If a studentship is aligned in this way, it should be clear in the case for support and workplan how the work of the student will both contribute to the project and ensure successful completion of the student’s PhD.

Universities should pay particular attention to ensure that the new investigator is properly supported and mentored through their supervision of the student, and that adequate attention is paid to the training of both the student and the project lead. We would expect this to form part of the university support letter.

Where costs are project-specific but involve the student (for example, consumables for completion of the project, or travel costs to project-specific meetings), these may be claimed where they would not form part of that which should be provided by the student’s training grant.

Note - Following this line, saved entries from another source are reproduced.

Lemma rainbow_triangle_subgraph (V : finType) (E F : {set {set V}}) C T :
  simple_graph E -> F \subset E -> rainbow_triangle F C T -> rainbow_triangle E C T.
Proof.
move=> simpleE sFE RT; have simpleF : simple_graph F.
  by move=> e /(subsetP sFE); apply: simpleE.
case/andP: (RT) => /andP [/cards3P [a [b [c [ab ac bc Tabc]]]] _] _.
move: RT; rewrite Tabc !rainbow_triangle3 // => /and4P [Eab Eac Ebc ->].
by rewrite !(subsetP sFE).
Qed.

Definition colors (V : finType) (C : {set V} -> nat) (F : {set {set V}}) : {fset nat} :=
  [fset C e | e in F]%fset.

Section Colors.

Variables (V : finType) (C : {set V} -> nat).
Implicit Types F : {set {set V}}.

Lemma colorsP F i : reflect (exists2 e, e \in F & C e = i) (i \in colors C F).
Proof. by apply: (iffP (imfsetP _ _ _ _)) => -[e eF Ce]; exists e. Qed.

Lemma num_colorsE F : num_colors F C = #|` colors C F|.
Proof.
rewrite /num_colors -card_fseq; congr #|` _|; apply/fsetP => i.
rewrite in_fset; apply/mapP/colorsP => -[e]; rewrite ?mem_enum => eF Ce.
  by exists e; rewrite ?mem_enum.
by exists e; rewrite ?mem_enum.
Qed.

Lemma colorsS F1 F2 : F1 \subset F2 -> (colors C F1 `<=` colors C F2)%fset.
Proof.
move=> sF12; apply/fsubsetP => i /colorsP [e eF <-].
by apply/colorsP; exists e; rewrite ?(subsetP sF12).
Qed.

Lemma card_colors_le F : #|` colors C F| <= #|F|.
Proof. by rewrite cardE; apply: leq_imfset_card. Qed.

End Colors.

Definition nbhd (V : finType) (E : {set {set V}}) (S : {set V}) (u : V) : {set V} :=
  [set w in S | [set u; w] \in E].

Definition private_colors (V : finType) (E : {set {set V}}) (C : {set V} -> nat)
    (S : {set V}) (u : V) : {fset nat} :=
  (colors C (edges_in E S) `\` colors C (edges_in E (S :\ u)))%fset.

Definition clique (V : finType) (E : {set {set V}}) (S : {set V}) : bool :=
  [forall x in S, forall y in S, (x != y) ==> ([set x; y] \in E)].

Definition rainbow_free (V : finType) (E : {set {set V}}) (C : {set V} -> nat)
    (S : {set V}) : Prop :=
  forall T : {set V}, T \subset S -> ~~ rainbow_triangle E C T.

Section RainbowFreeBound.

Variables (V : finType) (E : {set {set V}}) (C : {set V} -> nat).
Implicit Types (S : {set V}) (u v : V).

Lemma cliqueP S :
  reflect {in S &, forall x y, x != y -> [set x; y] \in E} (clique E S).
Proof.
apply: (iffP forall_inP) => [H x y xS yS | H x xS].
  by move/forall_inP: (H x xS) => /(_ y yS) /implyP.
by apply/forall_inP => y yS; apply/implyP; apply: H.
Qed.

Hypothesis simpleE : simple_graph E.

Lemma nbhd_sub S u : nbhd E S u \subset S :\ u.
Proof.
apply/subsetP => w; rewrite !inE => /andP [-> /(edge_neq simpleE)].
by rewrite eq_sym => ->.
Qed.

Lemma edges_in_setD1 S u e :
  e \in edges_in E S -> u \notin e -> e \in edges_in E (S :\ u).
Proof.
rewrite !inE => /andP [-> eS] ue; apply/subsetP => x xe.
by rewrite !inE (subsetP eS) // andbT; apply: contraNneq ue => <-.
Qed.

Lemma card_edges_in_setD1 S u : u \in S ->
  #|edges_in E S| <= #|edges_in E (S :\ u)| + #|nbhd E S u|.
Proof.
move=> uS; have := leq_imset_card (fun w => [set u; w]) (nbhd E S u).
move/(leq_add (leqnn #|edges_in E (S :\ u)|)); apply: leq_trans.
apply: leq_trans (leq_card_setU _ _); apply/subset_leq_card/subsetP => e eS.
rewrite inE; case/boolP: (u \in e) => [ue | /(edges_in_setD1 eS) -> //].
move: eS; rewrite inE => /andP [eE eS]; have [w _ ew] := edgeP simpleE eE ue.
apply/orP; right; apply/imsetP; exists w => //.
by rewrite inE -ew eE (subsetP eS) // ew !inE eqxx orbT.
Qed.

Lemma card_colors_setD1 S u :
  #|` colors C (edges_in E S)| =
  #|` colors C (edges_in E (S :\ u))| + #|` private_colors E C S u|.
Proof.
have sub : (colors C (edges_in E (S :\ u)) `<=` colors C (edges_in E S))%fset.
  apply/colorsS/subsetP => e; rewrite !inE => /andP [-> /subset_trans]; apply.
  exact: subsetDl.
by rewrite -(cardfsID (colors C (edges_in E (S :\ u)))) (fsetIidPr sub).
Qed.

Lemma private_colorP S u i : i \in private_colors E C S u ->
  exists2 w, w \in nbhd E S u & C [set u; w] = i.
Proof.
rewrite /private_colors in_fsetD => /andP [iN /colorsP [e eS Ce]].
case/boolP: (u \in e) => [ue | nue]; last first.
  by case/negP: iN; apply/colorsP; exists e => //; apply: edges_in_setD1.
move: eS; rewrite inE => /andP [eE eS]; have [w _ ew] := edgeP simpleE eE ue.
exists w; last by rewrite -ew.
by rewrite inE -ew eE (subsetP eS) // ew !inE eqxx orbT.
Qed.

Lemma private_nbhd_nonadjacent S v a b :
  rainbow_free E C S -> v \in S -> a \in nbhd E S v -> b \in nbhd E S v ->
  C [set v; a] \in private_colors E C S v -> C [set v; b] \in private_colors E C S v ->
  C [set v; a] != C [set v; b] -> [set a; b] \notin E.
Proof.
move=> rfS vS; rewrite !inE => /andP [aS Eva] /andP [bS Evb].
move=> /andP [Pa _] /andP [Pb _] Cab; apply/negP => Eab.
have ab : a != b by apply: contraNneq Cab => ->.
have va := edge_neq simpleE Eva; have vb := edge_neq simpleE Evb.
have old : C [set a; b] \in colors C (edges_in E (S :\ v)).
  apply/colorsP; exists [set a; b] => //.
  by rewrite inE Eab subUset !sub1set !inE aS bS ![_ == v]eq_sym va vb.
have vabS : [set v; a; b] \subset S by rewrite !subUset !sub1set vS aS bS.
move/negP: (rfS _ vabS); apply.
rewrite rainbow_triangle3 // Eva Evb Eab Cab /=.
by apply/andP; split; [apply: contraNneq Pa | apply: contraNneq Pb] => ->.
Qed.

Lemma private_colors_le1 S u : rainbow_free E C S -> u \in S -> clique E (S :\ u) ->
  #|` private_colors E C S u| <= 1.
Proof.
move=> rfS uS /cliqueP clS; rewrite leqNgt; apply/negP => P_gt1.
have [i Pi] : exists i, i \in private_colors E C S u.
  by apply/fset0Pn; rewrite -cardfs_gt0; apply: ltnW.
have [j] : exists j, j \in (private_colors E C S u `\ i)%fset.
  by apply/fset0Pn; rewrite -cardfs_gt0; move: P_gt1; rewrite (cardfsD1 i) Pi add1n ltnS.
rewrite in_fsetD1 => /andP [ji Pj].
have [a nba Ca] := private_colorP Pi; have [b nbb Cb] := private_colorP Pj.
have [aS bS] := (subsetP (nbhd_sub S u) a nba, subsetP (nbhd_sub S u) b nbb).
have ab : a != b by apply/eqP => ab; move/eqP: ji; apply; rewrite -Cb -ab Ca.
apply: (negP (private_nbhd_nonadjacent rfS uS nba nbb _ _ _)); rewrite ?Ca ?Cb //.
  by rewrite eq_sym.
exact: clS.
Qed.

Lemma exists_light_vertex S : rainbow_free E C S -> 0 < #|S| ->
  exists2 u, u \in S & #|nbhd E S u| + #|` private_colors E C S u| <= #|S|.
Proof.
move=> rfS /card_gt0P [v0 v0S].
have [v vS vmax] := arg_maxnP (fun v => #|` private_colors E C S v|) v0S.
have cardS u : u \in S -> #|S| = #|S :\ u|.+1 by rewrite (cardsD1 u S) => ->.
case: (leqP #|` private_colors E C S v| 1) => [P_le1 | P_gt1].
  exists v => //; have := subset_leq_card (nbhd_sub S v).
  by rewrite (cardS v vS); lia.
have [i0 Pi0] : exists i0, i0 \in private_colors E C S v.
  by apply/fset0Pn; rewrite -cardfs_gt0; apply: ltnW.
have [u nbu Cu] := private_colorP Pi0.
have uS : u \in S by move: nbu; rewrite inE => /andP [].
exists u => //.
set A := [set w in nbhd E S v |
  (C [set v; w] \in private_colors E C S v) && (C [set v; w] != i0)].
have A_large : #|` private_colors E C S v| <= #|A|.+1.
  have sub : (private_colors E C S v `\ i0 `<=` [fset C [set v; w] | w in A])%fset.
    apply/fsubsetP => i; rewrite in_fsetD1 => /andP [ii0 Pi].
    have [w nbw Cw] := private_colorP Pi.
    by apply/imfsetP; exists w; rewrite //= inE nbw Cw Pi.
  rewrite (cardfsD1 i0) Pi0 add1n ltnS.
  by apply: leq_trans (fsubset_leq_card sub) _; rewrite cardE; apply: leq_imfset_card.
have A_sub : A \subset S :\ u.
  apply/subsetP => w; rewrite inE => /and3P [nbw _ wi0].
  rewrite !inE andbC; move: nbw; rewrite inE => /andP [-> _] /=.
  by apply: contraNneq wi0 => ->; rewrite Cu.
have nbhd_u : nbhd E S u \subset (S :\ u) :\: A.
  apply/subsetP => w nbuw; rewrite inE (subsetP (nbhd_sub S u) _ nbuw) andbT.
  apply/negP; rewrite inE => /and3P [nbvw Pw wi0].
  have Cuw : C [set v; u] != C [set v; w] by rewrite Cu eq_sym.
  move: nbuw; rewrite inE => /andP [_]; apply/negP.
  by apply: (private_nbhd_nonadjacent rfS vS nbu nbvw) Pw Cuw; rewrite Cu.
have := subset_leq_card nbhd_u; rewrite cardsD (setIidPr A_sub).
have := vmax u uS; have := cardS u uS; have := subset_leq_card A_sub.
lia.
Qed.

Lemma clique_setD1 S u : u \in S -> S :\ u \subset nbhd E S u ->
  clique E (S :\ u) -> clique E S.
Proof.
move=> uS sub /cliqueP clS; apply/cliqueP => x y xS yS xy.
have nbhdE w : w \in S -> w != u -> [set u; w] \in E.
  move=> wS wu; have := subsetP sub w; rewrite !inE wu wS => /(_ isT).
  by case/andP.
case: (eqVneq x u) xy => [-> | xu] xy; first by apply: nbhdE; rewrite // eq_sym.
case: (eqVneq y u) xy => [-> | yu] xy; first by rewrite setUC nbhdE.
by apply: clS; rewrite // !inE ?xu ?yu.
Qed.

Lemma rainbow_free_bound n S : #|S| = n.+1 -> rainbow_free E C S ->
  #|edges_in E S| + #|` colors C (edges_in E S)| + ~~ clique E S < 'C(n.+2, 2).
Proof.
elim: n S => [|n IH] S cS rfS.
  have [v ->] : exists v, S = [set v] by apply/cards1P; rewrite cS.
  have -> : edges_in E [set v] = set0.
    apply/setP => e; rewrite !inE; apply/negbTE/andP => -[eE /subset_leq_card].
    by rewrite simpleE // cards1.
  have -> : clique E [set v].
    by apply/cliqueP => x y; rewrite !inE => /eqP -> /eqP ->; rewrite eqxx.
  by have := card_colors_le C (set0 : {set {set V}}); rewrite cards0 leqn0 => /eqP ->.
have /(exists_light_vertex rfS) [u uS light] : 0 < #|S| by rewrite cS.
have cS' : #|S :\ u| = n.+1 by move: cS; rewrite (cardsD1 u) uS => -[].
have rfS' : rainbow_free E C (S :\ u).
  by move=> T sT; apply: rfS (subset_trans sT (subsetDl _ _)).
have binE : 'C(n.+3, 2) = 'C(n.+2, 2) + n.+2 by rewrite binS bin1.
have := private_colors_le1 rfS uS; have := IH _ cS' rfS'.
have := card_edges_in_setD1 uS; have := subset_leq_card (nbhd_sub S u).
move: light; rewrite (card_colors_setD1 S u) binE cS cS'.
case cl' : (clique E (S :\ u)); last by case: (clique E S) => /=; lia.
case: (ltnP #|nbhd E S u| n.+1) => [nb_lt | nb_ge].
  by case: (clique E S) => /=; lia.
suff -> : clique E S by lia.
apply: clique_setD1 uS _ cl'.
by have /eqP -> : nbhd E S u == S :\ u by rewrite eqEcard nbhd_sub cS' nb_ge.
Qed.

Lemma rainbow_free_graph_bound : (forall T, ~~ rainbow_triangle E C T) -> 0 < #|V| ->
  num_edges E + num_colors E C + ~~ clique E setT < 'C(#|V|.+1, 2).
Proof.
move=> rf V_gt0; have cT : #|[set: V]| = #|V|.-1.+1 by rewrite cardsT prednK.
have := rainbow_free_bound cT (fun T _ => rf T).
have -> : edges_in E setT = E by apply/setP => e; rewrite inE subsetT andbT.
by rewrite num_colorsE prednK.
Qed.

End RainbowFreeBound.

Lemma completeP (V : finType) (E : {set {set V}}) :
  reflect (complete_graph E) (clique E setT).
Proof.
apply: (iffP (cliqueP _ _)) => [cl x y | cl x y _ _]; last exact: cl.
by apply: cl; rewrite inE.
Qed.

Definition recolor (V : finType) (C : {set V} -> nat) (f g : {set V}) : {set V} -> nat :=
  fun e => if e == f then C g else C e.

Lemma colors_recolor (V : finType) (E : {set {set V}}) C f g :
  g \in E -> g != f -> (forall e, e \in E -> e != f -> C e != C f) ->
  colors (recolor C f g) E = (colors C E `\ C f)%fset.
Proof.
move=> gE gf unique_f; apply/fsetP => i; rewrite in_fsetD1.
apply/colorsP/andP => [[e eE <-] | [if_ /colorsP [e eE Ce]]].
  rewrite /recolor; case: (eqVneq e f) => [_ | ef].
    by split; [exact: unique_f gE gf | apply/colorsP; exists g].
  by split; [exact: unique_f eE ef | apply/colorsP; exists e].
exists e => //; rewrite /recolor; case: (eqVneq e f) => [ef | //].
by move: if_; rewrite -Ce ef eqxx.
Qed.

Their funding source should be properly explained within the application.

General questions including assessment and resources

How are NIA proposals handled at the panel?

Proposals submitted to the NIA scheme and the standard research scheme will be assessed at a single prioritisation panel meeting.

NIA are scored and ranked separately to standard research proposals during the prioritisation panel, since the 2 schemes have different objectives and assessment criteria.

However, applicants should be aware that NIA and standard research proposals are funded from the same budget. Accordingly, the number of successful NIA depends on the overall quality of all proposals at the panel and the funding available.

Am I allowed a project co-lead on a NIA?

If the grant crosses disciplinary boundaries, a project co-lead is permitted in exceptional circumstances if it is clearly demonstrated they are from a different discipline to the project lead, and are providing critical and complementary expertise.

The NIA is an individual award which is intended to support the project lead or in developing research independence, and the proposal should be developed accordingly.

Co-leads on NIAs must meet the general eligibility criteria for co-leads. However, they are not subject to the same eligibility restrictions as new investigators. Collaboration with more established researchers is permitted.

For example, in most cases we would not expect the co-lead to be from the same department, school, or similar facility as the project lead.

Researcher co-leads are not permitted on NIAs. NIAs are individual awards and designed to develop the independent research vision of the applicant, therefore it is not appropriate for someone else to have sufficient input into the research direction to have researcher co-lead status.

The UKRI-RCN Money Follows Cooperation Agreement does not apply to the EPSRC NIA funding opportunity.

Can I include equipment or instrument development on a NIA?

Yes, if it is project-specific and justified. Those who are seeking to substantially exceed this value should consider other funding mechanisms.

Can I have project partners on a NIA?

Yes. Project partners are treated the same way as standard mode grants project partners letter of support. Please note that academic project partners cannot be from the same institution as the applicant. Please see the ‘project partners’ section in the UKRI Funding Service form.

Can I transfer with my NIA to a different institution?

Yes, if there is a minimum of six months duration left on the grant. A request to transfer to another host organisation should be submitted via your research office. Equivalent or greater research organisation support should be described and provided by the new institution.

Can my NIA be transferred to a new principal investigator (‘project lead’ in the UKRI Funding Service)?

In general no, a NIA can only be held by the original applicant. There may be some circumstances where we would permit the project to continue under the guidance of a new project lead, but you must write to us first. Such circumstances may include the project nearing completion, or the need to maintain staff in post.